I visited Uncle Azeez and Aunt Sadika. Uncle Azeez was never a smoker, but he had become an alcoholic, though not the pathetic type. He was pleasant and charming. He still had his Morris Oxford, though it now seemed like a rattletrap. A sturdy-looking woman helped around the house and yard.
Aunt Sadika no longer practised her art. She was confined to a wheelchair, and she didn't recognise me, no matter how hard I tried to jog her memory. I felt sad about that. I suppose she just hadn't the power to heal herself.
On a hunch I mentioned the late Prime Minister's name. Her head snapped forward like an animal that had suddenly sniffed prey.
Course, I can't be certain if my Aunt ever had contact with the Prime Minister, much less to 'cure' him. Common folks in the country never knew for sure what the Prime Minister had died from. Some claimed he expired from lung cancer because he was a prodigious consumer of fat Cuban cigars.

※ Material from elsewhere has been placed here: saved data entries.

(* Let $G$ be a finite abelian group of order coprime to $p$ and $\bar a=(a_1,\ldots,a_t)\in(\mathcal F(G,K))^t$, and let $\mathcal H\subseteq G^\vee$ be the set of $\bar a$-harmonic characters (a set stable under $g^\vee\mapsto(g^\vee)^q$). (a) There is a bijection between the set of traces $\mathrm{Tr}(g^\vee)\in\mathcal F(G,K)$, $g^\vee\in\mathcal H$, and the set of orbits of the cyclic group generated by $D_q:g^\vee\mapsto(g^\vee)^q$ acting on $\mathcal H$. (b) If $g_1^\vee,\ldots,g_m^\vee$ is a set of representatives of these orbits, then $$\ker(\Delta_{\bar a})=\bigoplus_{i=1}^m\big(\mathrm{Tr}(g_i^\vee)\big)\subseteq\mathcal F(G,K)$$ is a decomposition into an orthogonal direct sum of convolution ideals, where $(h)$ denotes the convolution ideal of $\mathcal F(G,K)$ generated by $h$. (c) For every $g^\vee\in G^\vee$ one has $$g^\vee=\frac1{|G|}\sum_{g\in G}g^\vee(-g)\,h_g,\qquad h_g(x)=\mathrm{Tr}(g^\vee)(g+x).$$
   Context: $K=\mathrm{GF}(q)$, $q=p^r$, $\bar K$ an algebraic closure. $G$ is written additively; $\mathcal F(G,F)$ is the ring of functions $G\to F$ with convolution $(f*a)(g)=\sum_hf(h)a(g-h)$; $\Delta_af=f*a$, $\ker(\Delta_{\bar a})=\{f\in\mathcal F(G,K):f*a_j=0\ \forall j\}$. $G^\vee$ is the group of homomorphisms $G\to\bar K^\times$; $g^\vee$ is $\bar a$-harmonic if $g^\vee*a_j=0$ for all $j$. For $f\in\mathcal F(G,\bar K)$, let $\mathrm{GF}(q^{r(f)})$ be the smallest subfield of $\bar K$ containing $K$ and $f(G)$, and $\mathrm{Tr}(f)=f+f^q+\cdots+f^{q^{r(f)-1}}$ (pointwise powers). Orthogonality refers to $\langle f_1,f_2\rangle_1=\frac1{|G|}\sum_gf_1(g)f_2(-g)$. *)

From HB Require Import structures.
From mathcomp Require Import all_boot all_order all_algebra all_field.
From Stdlib Require Import ClassicalDescription.
Set Implicit Arguments. Unset Strict Implicit. Unset Printing Implicit Defensive.
Import Order.TTheory GRing.Theory.
Local Open Scope ring_scope.

Definition conv (G : finZmodType) (R : comNzRingType) (f a : {ffun G -> R})
  : {ffun G -> R} := [ffun g => \sum_(h : G) f h * a (g - h)].

Definition in_ker (G : finZmodType) (K : fieldType) (t : nat)
  (a : 'I_t -> {ffun G -> K}) (f : {ffun G -> K}) : Prop :=
  forall j, conv f (a j) = 0.

Definition is_character (G : finZmodType) (L : fieldType) (chi : {ffun G -> L})
  : Prop := (forall x, chi x != 0) /\ (forall x y, chi (x + y) = chi x * chi y).

Definition embedF (G : finZmodType) (K L : fieldType) (iota : {rmorphism K -> L})
  (f : {ffun G -> K}) : {ffun G -> L} := [ffun g => iota (f g)].

Definition harmonic (G : finZmodType) (K L : fieldType) (iota : {rmorphism K -> L})
  (t : nat) (a : 'I_t -> {ffun G -> K}) (chi : {ffun G -> L}) : Prop :=
  is_character chi /\ forall j, conv chi (embedF iota (a j)) = 0.

Definition fpow (G : finZmodType) (L : fieldType) (n : nat) (f : {ffun G -> L})
  : {ffun G -> L} := [ffun g => f g ^+ n].

(* GF(q^r) inside Kbar is {x | x^(q^r) = x}; r(f) is the least r >= 1 with
   f(G) contained in GF(q^r) (0 if there is none, which cannot happen in an
   algebraic closure of GF(q)). *)
Definition rdeg_pred (G : finZmodType) (L : fieldType) (q : nat)
  (f : {ffun G -> L}) : pred nat := fun r => (0 < r)%N && (fpow (q ^ r) f == f).

Definition rdeg (G : finZmodType) (L : fieldType) (q : nat) (f : {ffun G -> L}) : nat :=
  match excluded_middle_informative (exists r, rdeg_pred q f r) with
  | left e => ex_minn e
  | right _ => 0%N
  end.

Definition Tr (G : finZmodType) (L : fieldType) (q : nat) (f : {ffun G -> L})
  : {ffun G -> L} := \sum_(i < rdeg q f) fpow (q ^ i) f.

(* the K-valued function whose image under iota is F (when F takes values in K) *)
Definition descend (G : finZmodType) (K : finFieldType) (L : fieldType)
  (iota : {rmorphism K -> L}) (F : {ffun G -> L}) : {ffun G -> K} :=
  [ffun g => odflt 0 [pick k : K | iota k == F g]].

Definition same_orbit (G : finZmodType) (L : fieldType) (q : nat)
  (chi1 chi2 : {ffun G -> L}) : Prop := exists k : nat, chi2 = fpow (q ^ k) chi1.

Definition in_ideal (G : finZmodType) (K : fieldType) (h f : {ffun G -> K}) : Prop :=
  exists u : {ffun G -> K}, f = conv h u.

Definition form1 (G : finZmodType) (K : fieldType) (f1 f2 : {ffun G -> K}) : K :=
  (#|G|%:R)^-1 * \sum_(g : G) f1 g * f2 (- g).

(* Harmonic analysis on G over the algebraically closed field L, in which |G| is
   invertible.  The Fourier coefficient fourier f psi = sum_k f(k) psi(-k) turns
   convolution into pointwise product, distinct characters are orthogonal, and a
   function all of whose Fourier coefficients vanish is zero: otherwise the
   translation-invariant space of such functions would contain a common
   eigenvector of all translations, i.e. a nonzero multiple of a character psi,
   whose coefficient at psi is nonzero.
   The Frobenius map chi |-> chi^q permutes the characters with finite orbits,
   so Tr chi has Fourier coefficient |G| on the orbit of chi and 0 elsewhere,
   and it is Frobenius-fixed, hence K-valued.  Thus the convolution ideal
   (Tr chi) consists of the functions whose transform is supported on the orbit
   of chi, while ker(Delta_a) consists of those whose transform is supported on
   the harmonic characters; (a), (b) and (c) follow by comparing Fourier
   coefficients. *)

From HB Require Import structures.
From mathcomp Require Import all_boot all_order all_algebra all_field.
From mathcomp Require Import cyclic ring zify.
From Stdlib Require Import Classical ClassicalDescription.
Import GRing.Theory.
Local Open Scope ring_scope.
Set Implicit Arguments. Unset Strict Implicit. Unset Printing Implicit Defensive.

Lemma mulrn_card (G : finZmodType) (x : G) : x *+ #|G| = 0.
Proof.
apply: (@addrI _ (\sum_(y : G) y)); rewrite addr0 -sumr_const -big_split /=.
by rewrite [RHS](reindex_inj (addIr x)).
Qed.

Lemma convC (G : finZmodType) (R : comNzRingType) (f a : {ffun G -> R}) :
  conv f a = conv a f.
Proof.
apply/ffunP=> g; rewrite !ffunE (reindex_inj (can_inj (subKr g))) /=.
by apply: eq_bigr=> h _; rewrite subKr mulrC.
Qed.

Lemma form1E (G : finZmodType) (K : fieldType) (f1 f2 : {ffun G -> K}) :
  form1 f1 f2 = #|G|%:R^-1 * conv f1 f2 0.
Proof. by rewrite /form1 ffunE; under [in RHS]eq_bigr do rewrite sub0r. Qed.

Section PointwisePowers.
Variables (G : finZmodType) (L : fieldType).
Implicit Types (f chi : {ffun G -> L}).

Lemma fpowM m n f : fpow m (fpow n f) = fpow (n * m) f.
Proof. by apply/ffunP=> g; rewrite !ffunE exprM. Qed.

Lemma fpow1 f : fpow 1 f = f.
Proof. by apply/ffunP=> g; rewrite ffunE expr1. Qed.

Lemma fpow_expnD q m n chi : fpow (q ^ (m + n)) chi = fpow (q ^ n) (fpow (q ^ m) chi).
Proof. by rewrite fpowM expnD. Qed.

Lemma same_orbit_refl q chi : same_orbit q chi chi.
Proof. by exists 0%N; rewrite expn0 fpow1. Qed.

Lemma same_orbit_trans q chi1 chi2 chi3 :
  same_orbit q chi1 chi2 -> same_orbit q chi2 chi3 -> same_orbit q chi1 chi3.
Proof. by case=> k -> [l ->]; exists (k + l)%N; rewrite fpow_expnD. Qed.

End PointwisePowers.

Section Characters.
Variables (G : finZmodType) (L : fieldType).
Implicit Types (chi psi : {ffun G -> L}) (x y : G).

Lemma character0 chi : is_character chi -> chi 0 = 1.
Proof.
case=> nz chiD; apply: (mulfI (nz 0)).
by rewrite -chiD addr0 mulr1.
Qed.

Lemma characterNK chi x : is_character chi -> chi (- x) * chi x = 1.
Proof. by move=> c; rewrite -c.2 addNr character0. Qed.

Lemma characterMn chi x n : is_character chi -> chi (x *+ n) = chi x ^+ n.
Proof.
move=> c; elim: n => [|n IH]; first by rewrite mulr0n expr0 character0.
by rewrite mulrS c.2 IH exprS.
Qed.

Lemma character_card chi x : is_character chi -> chi x ^+ #|G| = 1.
Proof. by move=> c; rewrite -characterMn // mulrn_card character0. Qed.

Lemma fpow_character n chi : is_character chi -> is_character (fpow n chi).
Proof.
case=> nz chiD; split=> [x|x y]; rewrite !ffunE; first by rewrite expf_neq0.
by rewrite chiD exprMn.
Qed.

Lemma character_expn_mod chi x n : is_character chi ->
  chi x ^+ n = chi x ^+ (n %% #|G|).
Proof.
move=> c; rewrite {1}(divn_eq n #|G|) exprD mulnC exprM character_card //.
by rewrite expr1n mul1r.
Qed.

I can see nothing wrong with the Prime Minister's legitimisation of obeah. Obeah represented the vestigial survival and tenacity of African religion in the Caribbean, despite the slave owners' systematic attempts to wipe out African culture. I think it was a courageous act to reinforce the idea that 'massa day was done', and people like Aunt Sadika could practise their beliefs. Indeed, in some ways the Prime Minister had tried to inculcate in his people national pride and self-reliance.
But his execution of political policies, well, that's a different bre ... .
Did Aunt Sadika care about that? I guess it's too late to ask the obeah woman.